For all its goofy fun, The Strain moves at a pretty measured pace. By the fourth episode, there's still no citywide panic, no hordes of bloodsuckers drooling through the streets of Manhattan. The show treats a vampire epidemic as a public-health crisis; like The Leftovers – in which a global Rapture whisks away millions of people, leaving the survivors in a world that looks just as it did before – The Strain likes its supernatural elements to blend in amongst the everyday.

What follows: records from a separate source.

(* Let $\mathbb{V}=(V,S)$ be a finite hypergraph with intersection graph $\mathbb{I}=(S,E)$, let $\mathbb{G}$ be an $E$-group compatible with $\mathbb{I}$, and let $\hat{\mathbb{V}}=(\hat V,\hat S)$ and $\pi$ be as defined in the context. Then $\pi:\hat V\to V$ is well defined and maps every hyperedge $[s,g]\in\hat S$ bijectively onto $s$. Moreover, if $N\ge3$ and $\mathbb{G}$ is $N$-acyclic over $\mathbb{I}$, then (a) the Gaifman graph of $\hat{\mathbb{V}}$ has no chordless cycle of length $n$ with $4\le n\le N$, and (b) every set of at most $N$ vertices of $\hat V$ that are pairwise adjacent in the Gaifman graph is contained in a single hyperedge of $\hat S$; i.e. every induced sub-hypergraph of $\hat{\mathbb{V}}$ on at most $N$ vertices is acyclic (chordal and conformal).
   Context: A finite hypergraph $(V,S)$ has finite vertex set $V$ and set of hyperedges $S\subseteq\mathcal{P}(V)$. Its intersection graph has vertex set $S$ and edge set $E=\{\{s,s'\}: s\neq s',\ s\cap s'\neq\emptyset\}$, regarded as the $E$-graph $\mathbb{I}=(S,(R_e)_{e\in E})$ with $R_e=\{(s,s'),(s',s)\}$ for $e=\{s,s'\}$. An $E$-group is a group $\mathbb{G}$ with $E\subseteq\mathbb{G}$ generating it and each $e\in E$ satisfying $e\neq1$, $e^2=1$; $[e_1\cdots e_n]_{\mathbb{G}}=e_1\cdots e_n$. For an $E$-graph $(X,(R_e))$ (each $R_e$ symmetric, each vertex with at most one $R_e$-neighbour), $\pi_e$ swaps $R_e$-neighbours and fixes all other vertices, $\pi_{e_1\cdots e_n}=\pi_{e_n}\circ\cdots\circ\pi_{e_1}$; $\mathbb{G}$ is compatible with it if $[w]_{\mathbb{G}}=1$ implies $\pi_w=\mathrm{id}$. For $\alpha\subseteq E$, $s,t\in S$, $\alpha^*[\mathbb{I},s]$ is the set of $w=e_1\cdots e_n\in\alpha^*$ labelling a walk in $\mathbb{I}$ from $s$, $\alpha^*[\mathbb{I},s,t]$ those ending at $t$; $C[\mathbb{I},\alpha,s;g]=\{g[w]_{\mathbb{G}}:w\in\alpha^*[\mathbb{I},s]\}$. An $\mathbb{I}$-coset cycle of length $n\ge2$ is $(g_i,\alpha_i,s_i)_{i\in\mathbb{Z}_n}$, $\alpha_i\subsetneq E$, $s_i\in S$, with $g_{i+1}=g_i[w]_{\mathbb{G}}$ for some $w\in\alpha_i^*[\mathbb{I},s_i,s_{i+1}]$ and $C[\mathbb{I},\alpha_i\cap\alpha_{i-1},s_i;g_i]\cap C[\mathbb{I},\alpha_i\cap\alpha_{i+1},s_{i+1};g_{i+1}]=\emptyset$; $\mathbb{G}$ is $N$-acyclic over $\mathbb{I}$ if there is no $\mathbb{I}$-coset cycle of length $2,\dots,N$. Covering: let $X=\{(v,s,g): s\in S,\ v\in s,\ g\in\mathbb{G}\}$ and let $\approx$ be the equivalence relation on $X$ generated by $(v,s,g)\approx(v,s',ge)$ for all $e=\{s,s'\}\in E$ with $v\in s\cap s'$. Put $\hat V=X/{\approx}$, $[s,g]=\{[(v,s,g)]: v\in s\}$, $\hat S=\{[s,g]: s\in S, g\in\mathbb{G}\}$, $\hat{\mathbb{V}}=(\hat V,\hat S)$ and $\pi([(v,s,g)])=v$. The Gaifman graph of a hypergraph joins two distinct vertices iff they lie in a common hyperedge; a chordless cycle of length $n$ is a sequence of $n$ distinct vertices in which consecutive ones (cyclically) are adjacent and no non-consecutive ones are adjacent. *)

From mathcomp Require Import all_boot.
From Stdlib Require Import Relations.
Set Implicit Arguments.
Unset Strict Implicit.
Unset Printing Implicit Defensive.
Definition diag3 (R : rcfType) (a b c : R) : 'M[R]_3 := mx3 a 0 0 0 b 0 0 0 c.

Definition is_global_min_SO3 (R : rcfType) (f : 'M[R]_3 -> R) (Q : 'M[R]_3) :=
  SO3 Q /\ forall P, SO3 P -> f Q <= f P.
Definition is_global_max_SO3 (R : rcfType) (f : 'M[R]_3 -> R) (Q : 'M[R]_3) :=
  SO3 Q /\ forall P, SO3 P -> f P <= f Q.

From HB Require Import structures.
From mathcomp Require Import all_boot all_order all_algebra.
From mathcomp Require Import ring lra.
Set Implicit Arguments. Unset Strict Implicit.
Import Order.TTheory GRing.Theory Num.Theory.
Local Open Scope ring_scope.

(* Using that the
   rows and columns of a rotation are orthonormal and that every diagonal
   entry of a rotation equals its own cofactor (Q = cof Q when Q^T Q = 1 and
   det Q = 1), W collapses to a function of the two numbers t = Q11 + Q22 and
   k = Q33 only:
       W = (l1 t - 2 - (1 - k) l3)^2 / 2 + (1 - k)(l1^2 - l3^2) + (l3 - 1)^2.
   The quaternion identities (1 + tr Q)(1 + 2 Q_ii - tr Q) = (square) confine
   (t, k) to the triangle -(1 + k) <= t <= 1 + k, -1 <= k <= 1, on which
   elementary inequalities locate the extrema: the maximum is attained only at
   (t, k) = (-2, 1); the minimum only at k = 1 with l1 t = 2 when l1 > 1, and
   only at (t, k) = (2, 1) when l1 <= 1.  Finally k = Q33 = 1 forces Q to be a
   rotation about the third axis, with cosine c = t / 2 and sine determined up
   to sign by c^2 + s^2 = 1. *)

Definition i0 : 'I_3 := @Ordinal 3 0 isT.
Definition i1 : 'I_3 := @Ordinal 3 1 isT.
Definition i2 : 'I_3 := @Ordinal 3 2 isT.

Lemma ord3_ind (P : 'I_3 -> Prop) : P i0 -> P i1 -> P i2 -> forall i, P i.
Proof.
move=> P0 P1 P2 [[|[|[|m]]] lt_m3] //.
- by rewrite (_ : Ordinal _ = i0) //; apply: val_inj.
- by rewrite (_ : Ordinal _ = i1) //; apply: val_inj.
- by rewrite (_ : Ordinal _ = i2) //; apply: val_inj.
Qed.

Section Coordinates.
Variable R : rcfType.

Lemma sum_ord3 (F : 'I_3 -> R) : \sum_(i < 3) F i = F i0 + F i1 + F i2.
Proof.
rewrite !big_ord_recl big_ord0 addr0 addrA.
by congr (F _ + F _ + F _); apply: val_inj.
Qed.

Lemma mulmx3E (A B : 'M[R]_3) i j :
  (A *m B) i j = A i i0 * B i0 j + A i i1 * B i1 j + A i i2 * B i2 j.
Proof. by rewrite mxE sum_ord3. Qed.

Lemma det_mx22 (B : 'M[R]_2) : \det B = B 0 0 * B 1 1 - B 0 1 * B 1 0.
Proof.
rewrite (expand_det_row B 0) !big_ord_recl big_ord0 addr0 /cofactor !det_mx11.
rewrite !mxE /= expr0 expr1.
have -> : lift 0 0 = 1 :> 'I_2 by apply: val_inj.
have -> : lift 1 0 = 0 :> 'I_2 by apply: val_inj.
have -> : ord0 = 0 :> 'I_2 by apply: val_inj.
ring.
Qed.

Lemma det_mx33 (A : 'M[R]_3) : \det A =
  A i0 i0 * (A i1 i1 * A i2 i2 - A i1 i2 * A i2 i1)
  - A i0 i1 * (A i1 i0 * A i2 i2 - A i1 i2 * A i2 i0)
  + A i0 i2 * (A i1 i0 * A i2 i1 - A i1 i1 * A i2 i0).
Proof.
rewrite (expand_det_row A i0) sum_ord3 /cofactor !det_mx22 !mxE /=.
have -> : lift i0 0 = i1 by apply: val_inj.
have -> : lift i0 1 = i2 by apply: val_inj.
have -> : lift i1 0 = i0 by apply: val_inj.
have -> : lift i1 1 = i2 by apply: val_inj.
have -> : lift i2 0 = i0 by apply: val_inj.
have -> : lift i2 1 = i1 by apply: val_inj.
by rewrite expr0 expr1 expr2; ring.
Qed.

Lemma mx3_eta (Q : 'M[R]_3) :
  Q = mx3 (Q i0 i0) (Q i0 i1) (Q i0 i2) (Q i1 i0) (Q i1 i1) (Q i1 i2)
          (Q i2 i0) (Q i2 i1) (Q i2 i2).
Proof. by apply/matrixP => i j; rewrite mxE; move: i j; do 2 apply: ord3_ind. Qed.

End Coordinates.

Lemma sqr_le1 (R : realDomainType) (x : R) : x * x <= 1 -> -1 <= x <= 1.
Proof. by move=> x2_le1; apply/andP; split; nra. Qed.

Lemma sqr_add_eq0 (R : realDomainType) (x y : R) :
  x ^+ 2 + y ^+ 2 = 0 -> x = 0 /\ y = 0.
Proof. by move/eqP; rewrite paddr_eq0 ?sqr_ge0 // !sqrf_eq0 => /andP[/eqP -> /eqP ->]. Qed.

Definition rotation_entries (R : rcfType) (a b c d e f g h k : R) : Prop :=
  [/\ [/\ a*a + d*d + g*g = 1, b*b + e*e + h*h = 1 & c*c + f*f + k*k = 1],
      [/\ a*b + d*e + g*h = 0, a*c + d*f + g*k = 0 & b*c + e*f + h*k = 0],
      [/\ a*a + b*b + c*c = 1, d*d + e*e + f*f = 1 & g*g + h*h + k*k = 1],
      [/\ a*d + b*e + c*f = 0, a*g + b*h + c*k = 0 & d*g + e*h + f*k = 0] &
      a*(e*k - f*h) - b*(d*k - f*g) + c*(d*h - e*g) = 1].

(* SO(3) membership in coordinates; the rows are orthonormal because a
   one-sided inverse of a square matrix is two-sided. *)
Lemma SO3_mx3 (R : rcfType) (a b c d e f g h k : R) :
  SO3 (mx3 a b c d e f g h k) <-> rotation_entries a b c d e f g h k.
Proof.
split=> [[MtM detM] | [[N1 N2 N3] [O1 O2 O3] _ _ detM]]; last first.
  split; last by rewrite det_mx33 !mxE.
  by apply/matrixP => i j; rewrite mulmx3E !mxE; move: i j; do 2 apply: ord3_ind => /=; lra.
move/matrixP: (mulmx1C MtM) => row; move/matrixP: MtM => col.
rewrite det_mx33 !mxE /= in detM.
split=> //; split;
  [move: (col i0 i0) | move: (col i1 i1) | move: (col i2 i2) | move: (col i0 i1)
  | move: (col i0 i2) | move: (col i1 i2) | move: (row i0 i0) | move: (row i1 i1)
  | move: (row i2 i2) | move: (row i0 i1) | move: (row i0 i2) | move: (row i1 i2)];
  by rewrite mulmx3E !mxE.
Qed.

Lemma SO3_entries (R : rcfType) (Q : 'M[R]_3) : SO3 Q ->
  rotation_entries (Q i0 i0) (Q i0 i1) (Q i0 i2) (Q i1 i0) (Q i1 i1) (Q i1 i2)
                   (Q i2 i0) (Q i2 i1) (Q i2 i2).
Proof. by move=> SO3Q; apply/SO3_mx3; rewrite -mx3_eta. Qed.

Section RotationEntries.
Variables (R : rcfType) (a b c d e f g h k : R).
Hypothesis rot : rotation_entries a b c d e f g h k.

It's dumb fun, except for one aspect that's simply dumb: a subplot involving Ephraim's efforts to gain joint custody of his son after separating from his wife. The show strains at the effort to demonstrate how devoted Ephraim is to his work: His job is to oversee the health and safety of the public, not just his loved ones. But this is nonsense. The CDC is obviously so legitimately important – both in the world of the show and to the show itself – that his wife sounds like a petty nag when she complains that he works too much. She seems to exist solely to be proven wrong when the vampires attack. Eph's girlfriend Nora, who shares a job title with him, is also not much of a character – aside from making Ephraim look manly, she doesn't have much to do.

Oh, well. Maybe it's okay that The Strain labours under the weight of personal drama; it's not what I'll be tuning in for. Anyway, the show is so earnest in its absurdity that it's easy enough to overlook those wires poking out of it.